== Segment start ==
(* Let $k\ge1$, let $M=\Gamma(\mathbb Z\,\overrightarrow{\times}\,G,(k,0))$ with $G$ a Dedekind $\sigma$-complete $\ell$-group, and let $F:\mathbb R^2\to M$ be a two-dimensional spectral resolution. Then every non-empty $T_i$, $i\in\{1,\ldots,k\}$, has at most $k$ characteristic points, and $F$ has at most $k^2$ characteristic points.
   Context: $\mathbb Z\,\overrightarrow{\times}\,G$ is $\mathbb Z\times G$ with lexicographic order; $\Gamma(K,v)=([0,v];\oplus,',0,v)$ with $a\oplus b=(a+b)\wedge v$. A two-dimensional spectral resolution is $F:\mathbb R^2\to M$ such that: (i) $F$ is monotone; (ii) $\bigvee_{(s,t)}F(s,t)=1$; (iii) $F(s,t)=\bigvee_{(s',t')\ll(s,t)}F(s',t')$; (iv) $\bigwedge_sF(s,t)=0=\bigwedge_tF(s,t)$; (v) $0\le F(b_1,b_2)-F(a_1,b_2)-F(b_1,a_2)+F(a_1,a_2)\le1$ for $a_1\le b_1$, $a_2\le b_2$ (in the group). $M_j=\{(j,g)\in M\}$, $T_j=\{(s,t)\colon F(s,t)\in M_j\}$. For $i\ge1$ and $(s,t)\in T_i$, $\pi_i(s,t)=(\inf\{r\colon(r,t)\in T_i\},\inf\{r\colon(s,r)\in T_i\})$; characteristic points of $T_i$ are the $\pi_i(s,t)$, $(s,t)\in T_i$; characteristic points of $F$ are those of the $T_i$, $i\ge1$. *)

From mathcomp Require Import all_boot all_algebra.
From Stdlib Require Import Reals ZArith.

Set Implicit Arguments.
Unset Strict Implicit.
Unset Printing Implicit Defensive.

Definition is_sup_in {T : Type} (le : T -> T -> Prop) (A : T -> Prop) (x : T) : Prop :=
  (forall y, A y -> le y x) /\ (forall z, (forall y, A y -> le y z) -> le x z).

Definition is_lgroup (G : zmodType) (le : G -> G -> Prop) : Prop :=
  [/\ (forall x, le x x),
      (forall x y, le x y -> le y x -> x = y),
      (forall x y z, le x y -> le y z -> le x z),
      (forall x y z, le x y -> le (GRing.add x z) (GRing.add y z)) &
      (forall x y : G, exists j, is_sup_in le (fun w => w = x \/ w = y) j)].

Definition dedekind_sigma_complete (G : zmodType) (le : G -> G -> Prop) : Prop :=
  forall f : nat -> G, (exists u, forall n, le (f n) u) ->
    exists s, is_sup_in le (fun w => exists n, w = f n) s.

Definition lex_le (G : zmodType) (le : G -> G -> Prop) (x y : Z * G) : Prop :=
  (x.1 < y.1)%Z \/ (x.1 = y.1 /\ le x.2 y.2).

Definition lex_add (G : zmodType) (x y : Z * G) : Z * G :=
  ((x.1 + y.1)%Z, GRing.add x.2 y.2).

Definition lex_sub (G : zmodType) (x y : Z * G) : Z * G :=
  ((x.1 - y.1)%Z, GRing.add x.2 (GRing.opp y.2)).

Definition lex_zero (G : zmodType) : Z * G := (0%Z, GRing.zero).

Definition lex_unit (G : zmodType) (k : nat) : Z * G := (Z.of_nat k, GRing.zero).

Definition inM (G : zmodType) (le : G -> G -> Prop) (k : nat) (x : Z * G) : Prop :=
  lex_le le (lex_zero G) x /\ lex_le le x (lex_unit G k).

Definition is_supM (G : zmodType) le (k : nat) (A : Z * G -> Prop) (x : Z * G) : Prop :=
  inM le k x /\ (forall y, A y -> lex_le le y x) /\
  (forall z, inM le k z -> (forall y, A y -> lex_le le y z) -> lex_le le x z).

Definition is_infM (G : zmodType) le (k : nat) (A : Z * G -> Prop) (x : Z * G) : Prop :=
  inM le k x /\ (forall y, A y -> lex_le le x y) /\
  (forall z, inM le k z -> (forall y, A y -> lex_le le z y) -> lex_le le z x).

Local Open Scope R_scope.

Definition spectral_resolution2 (G : zmodType) (le : G -> G -> Prop) (k : nat)
    (F : R -> R -> Z * G) : Prop :=
  (forall s t, inM le k (F s t)) /\
  (forall s t s' t', s <= s' -> t <= t' -> lex_le le (F s t) (F s' t')) /\
  is_supM le k (fun y => exists s t, y = F s t) (lex_unit G k) /\
  (forall s t, is_supM le k
     (fun y => exists s' t', s' < s /\ t' < t /\ y = F s' t') (F s t)) /\
  (forall t, is_infM le k (fun y => exists s, y = F s t) (lex_zero G)) /\
  (forall s, is_infM le k (fun y => exists t, y = F s t) (lex_zero G)) /\
  (forall a1 b1 a2 b2, a1 <= b1 -> a2 <= b2 ->
     let d := lex_add (lex_sub (lex_sub (F b1 b2) (F a1 b2)) (F b1 a2)) (F a1 a2) in
     lex_le le (lex_zero G) d /\ lex_le le d (lex_unit G k)).

(* T_j = {(s,t) : F(s,t) \in M_j}, M_j = {(j,g) \in M} *)
Definition T_set (G : zmodType) (F : R -> R -> Z * G) (j : Z) (s t : R) : Prop :=
  (F s t).1 = j.

Definition is_inf_R (A : R -> Prop) (x : R) : Prop :=
  (forall y, A y -> x <= y) /\ (forall z, (forall y, A y -> z <= y) -> z <= x).

Definition char_point (G : zmodType) (F : R -> R -> Z * G) (i : Z) (p : R * R) : Prop :=
  exists s t, T_set F i s t /\
    is_inf_R (fun r => T_set F i r t) p.1 /\
    is_inf_R (fun r => T_set F i s r) p.2.

Definition char_point_F (G : zmodType) (F : R -> R -> Z * G) (p : R * R) : Prop :=
  exists i : Z, (1 <= i)%Z /\ char_point F i p.

Definition at_most (n : nat) (A : R * R -> Prop) : Prop :=
  exists l : list (R * R), (length l <= n)%coq_nat /\ forall p, A p -> List.In p l.

(* Only the integer part f(s,t) = (F s t).1 of the resolution matters. It is
   monotone, takes values in {0,...,k} and is supermodular on rectangles; it is
   moreover left-continuous on the levels >= 1, because in
   Gamma(Z x-> G, (k,0)) a supremum lying at a positive level is attained at
   that level.  A characteristic point p of T_i comes with a witness (s,t) such
   that f(.,t) is < i at p.1 and = i on (p.1, s], and f(s,.) is < i at p.2 and
   = i on (p.2, t].  Supermodularity then forces distinct characteristic
   points of T_i to have distinct first coordinates, and makes r |-> f(r,T)
   strictly increasing along these first coordinates once T dominates the
   witnesses.  These values lie in {0,...,k-1}, so T_i has at most k
   characteristic points, and the k non-empty levels give at most k^2. *)
From mathcomp Require Import all_boot all_algebra.
From mathcomp Require Import zify.
From Stdlib Require Import Reals ZArith List Lia Lra Classical.

Import GRing.Theory.
Local Open Scope R_scope.

Lemma at_most_of_NoDup (n : nat) (A : R * R -> Prop) :
  (forall l, NoDup l -> (forall p, In p l -> A p) -> (length l <= n)%coq_nat) ->
  at_most n A.
Proof.
move=> bound; apply: NNPP => not_at_most.
suff /(_ n.+1 (le_n _)) [l [len_l [uniq_l l_in_A]]] :
    forall m, (m <= n.+1)%coq_nat ->
    exists l, length l = m /\ NoDup l /\ forall p, In p l -> A p.
  by have := bound l uniq_l l_in_A; lia.
elim=> [|m IHm] m_le.
  by exists nil; split; [|split; [constructor|]].
have [l [len_l [uniq_l l_in_A]]] := IHm ltac:(lia).
have [[p [Ap p_new]] | l_covers] := classic (exists p, A p /\ ~ In p l).
  exists (p :: l); split; [by rewrite /= len_l | split; first by constructor].
  by move=> q /= [<- | q_l]; [|apply: l_in_A].
case: not_at_most; exists l; split; first lia.
move=> p Ap; apply: NNPP => p_new; apply: l_covers; by exists p.
Qed.

Lemma at_most_bigcup (n m : nat) (A : Z -> R * R -> Prop) :
  (forall i, (1 <= i <= Z.of_nat n)%Z -> at_most m (A i)) ->
  at_most (n * m) (fun p => exists i, (1 <= i <= Z.of_nat n)%Z /\ A i p).
Proof.
elim: n => [|n IHn] A_bound.
  by exists nil; split => // p [i [i_range _]]; lia.
have [l [len_l l_cover]] :
    at_most (n * m) (fun p => exists i, (1 <= i <= Z.of_nat n)%Z /\ A i p).
  by apply: IHn => i i_range; apply: A_bound; lia.
have [l' [len_l' l'_cover]] := A_bound (Z.of_nat n.+1) ltac:(lia).
exists (l ++ l'); split.
  by rewrite length_app mulSn; lia.
move=> p [i [i_range Aip]]; apply: in_or_app.
have [i_eq | i_ne] := Z.eq_dec i (Z.of_nat n.+1).
  by right; apply: l'_cover; rewrite -i_eq.
by left; apply: l_cover; exists i; split; first lia.
Qed.

Lemma list_common_bound (A : Type) (P : A -> R -> Prop) (l : list A) :
  (forall x, In x l -> exists t, P x t) ->
  exists T, forall x, In x l -> exists2 t, P x t & t <= T.
Proof.
elim: l => [|a l IHl] hP; first by exists 0 => x [].
have [T hT] := IHl (fun x x_l => hP x (or_intror x_l)).
have [t Pat] := hP a (or_introl erefl).
exists (Rmax T t) => x /= [<- | x_l]; first by exists t => //; apply: Rmax_r.
have [t' Pxt' t'_le] := hT x x_l.
by exists t' => //; apply: Rle_trans t'_le (Rmax_l _ _).
Qed.

Definition run_start (g : R -> Z) (i : Z) (a s : R) : Prop :=
  [/\ a < s, forall r, a < r <= s -> g r = i & (g a < i)%Z].

Lemma is_inf_level_run_start (g : R -> Z) (i : Z) (a s : R) :
  (forall x y, x <= y -> (g x <= g y)%Z) ->
  (forall r, g r = i -> exists2 r', r' < r & g r' = i) ->
  g s = i -> is_inf_R (fun r => g r = i) a -> run_start g i a s.
Proof.
move=> g_mono no_min gs [a_lb a_glb].
have a_le_s : a <= s by apply: a_lb.
have ga_lt : (g a < i)%Z.
  have := g_mono _ _ a_le_s; rewrite gs => ga_le.
  have [ga_eq | ] := Z.eq_dec (g a) i; last lia.
  have [r' r'_lt gr'] := no_min _ ga_eq.
  by have := a_lb _ gr'; lra.
split=> //.
  by case: (Rle_lt_or_eq_dec _ _ a_le_s) => // a_eq; subst a; lia.
move=> r [a_lt_r r_le_s].
have [[y [gy y_lt_r]] | no_y] := classic (exists y, g y = i /\ y < r).
  by have := g_mono _ _ (Rlt_le _ _ y_lt_r); have := g_mono _ _ r_le_s; lia.
suff : r <= a by lra.
apply: a_glb => y gy; apply: Rnot_lt_le => y_lt_r; apply: no_y; by exists y.
Qed.

Definition level_char_point (f : R -> R -> Z) (i : Z) (p : R * R) : Prop :=
  exists s t, f s t = i /\
    is_inf_R (fun r => f r t = i) p.1 /\ is_inf_R (fun r => f s r = i) p.2.

Record level_map (k : nat) (f : R -> R -> Z) : Prop := LevelMap {
  level_ge0 : forall s t, (0 <= f s t)%Z;
  level_lek : forall s t, (f s t <= Z.of_nat k)%Z;
  level_mono : forall s t s' t', s <= s' -> t <= t' -> (f s t <= f s' t')%Z;
  level_rect : forall a1 b1 a2 b2, a1 <= b1 -> a2 <= b2 ->
    (f a1 b2 + f b1 a2 <= f b1 b2 + f a1 a2)%Z;
  level_left_cont : forall s t, (1 <= f s t)%Z ->
    exists s' t', [/\ s' < s, t' < t & f s' t' = f s t] }.

Arguments level_ge0 {k f}.
Arguments level_lek {k f}.
Arguments level_mono {k f}.
Arguments level_rect {k f}.
Arguments level_left_cont {k f}.

Section LevelMap.
Context {k : nat} {f : R -> R -> Z}.
Hypothesis hf : level_map k f.

Lemma level_left_cont_axes s t : (1 <= f s t)%Z ->
  (exists2 s', s' < s & f s' t = f s t) /\ (exists2 t', t' < t & f s t' = f s t).
Proof.
move=> /(level_left_cont hf) [s' [t' [s'_lt t'_lt eq_st]]].
have := level_mono hf s' t' s' t (Rle_refl _) (Rlt_le _ _ t'_lt).
have := level_mono hf s' t s t (Rlt_le _ _ s'_lt) (Rle_refl _).
have := level_mono hf s' t' s t' (Rlt_le _ _ s'_lt) (Rle_refl _).
have := level_mono hf s t' s t (Rle_refl _) (Rlt_le _ _ t'_lt).
by move=> *; split; [exists s' | exists t'] => //; lia.
Qed.

Definition char_witness (i : Z) (p : R * R) (s t : R) : Prop :=
  run_start (f^~ t) i p.1 s /\ run_start (f s) i p.2 t.

Lemma level_char_point_witness {i p} : (1 <= i)%Z ->
  level_char_point f i p -> exists s t, char_witness i p s t.
Proof.
move=> i_ge1 [s [t [fst_i [inf1 inf2]]]]; exists s, t.
split; apply: is_inf_level_run_start => //.
- by move=> x y xy; apply: (level_mono hf) => //; apply: Rle_refl.
- by move=> r fr; have [+ _] := level_left_cont_axes r t ltac:(lia); rewrite fr.
- by move=> x y xy; apply: (level_mono hf) => //; apply: Rle_refl.
- by move=> r fr; have [_ +] := level_left_cont_axes s r ltac:(lia); rewrite fr.
Qed.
== Segment end ==
**WHAT THE EXERCISE ASKS**. Copy only this part of the entries above: the line with "monotone, takes values", the line with "From mathcomp Require Import zify.", and the lines between, all exactly as written.

**SOLVED EXERCISE**.
   monotone, takes values in {0,...,k} and is supermodular on rectangles; it is
   moreover left-continuous on the levels >= 1, because in
   Gamma(Z x-> G, (k,0)) a supremum lying at a positive level is attained at
   that level.  A characteristic point p of T_i comes with a witness (s,t) such
   that f(.,t) is < i at p.1 and = i on (p.1, s], and f(s,.) is < i at p.2 and
   = i on (p.2, t].  Supermodularity then forces distinct characteristic
   points of T_i to have distinct first coordinates, and makes r |-> f(r,T)
   strictly increasing along these first coordinates once T dominates the
   witnesses.  These values lie in {0,...,k-1}, so T_i has at most k
   characteristic points, and the k non-empty levels give at most k^2. *)
From mathcomp Require Import all_boot all_algebra.
From mathcomp Require Import zify.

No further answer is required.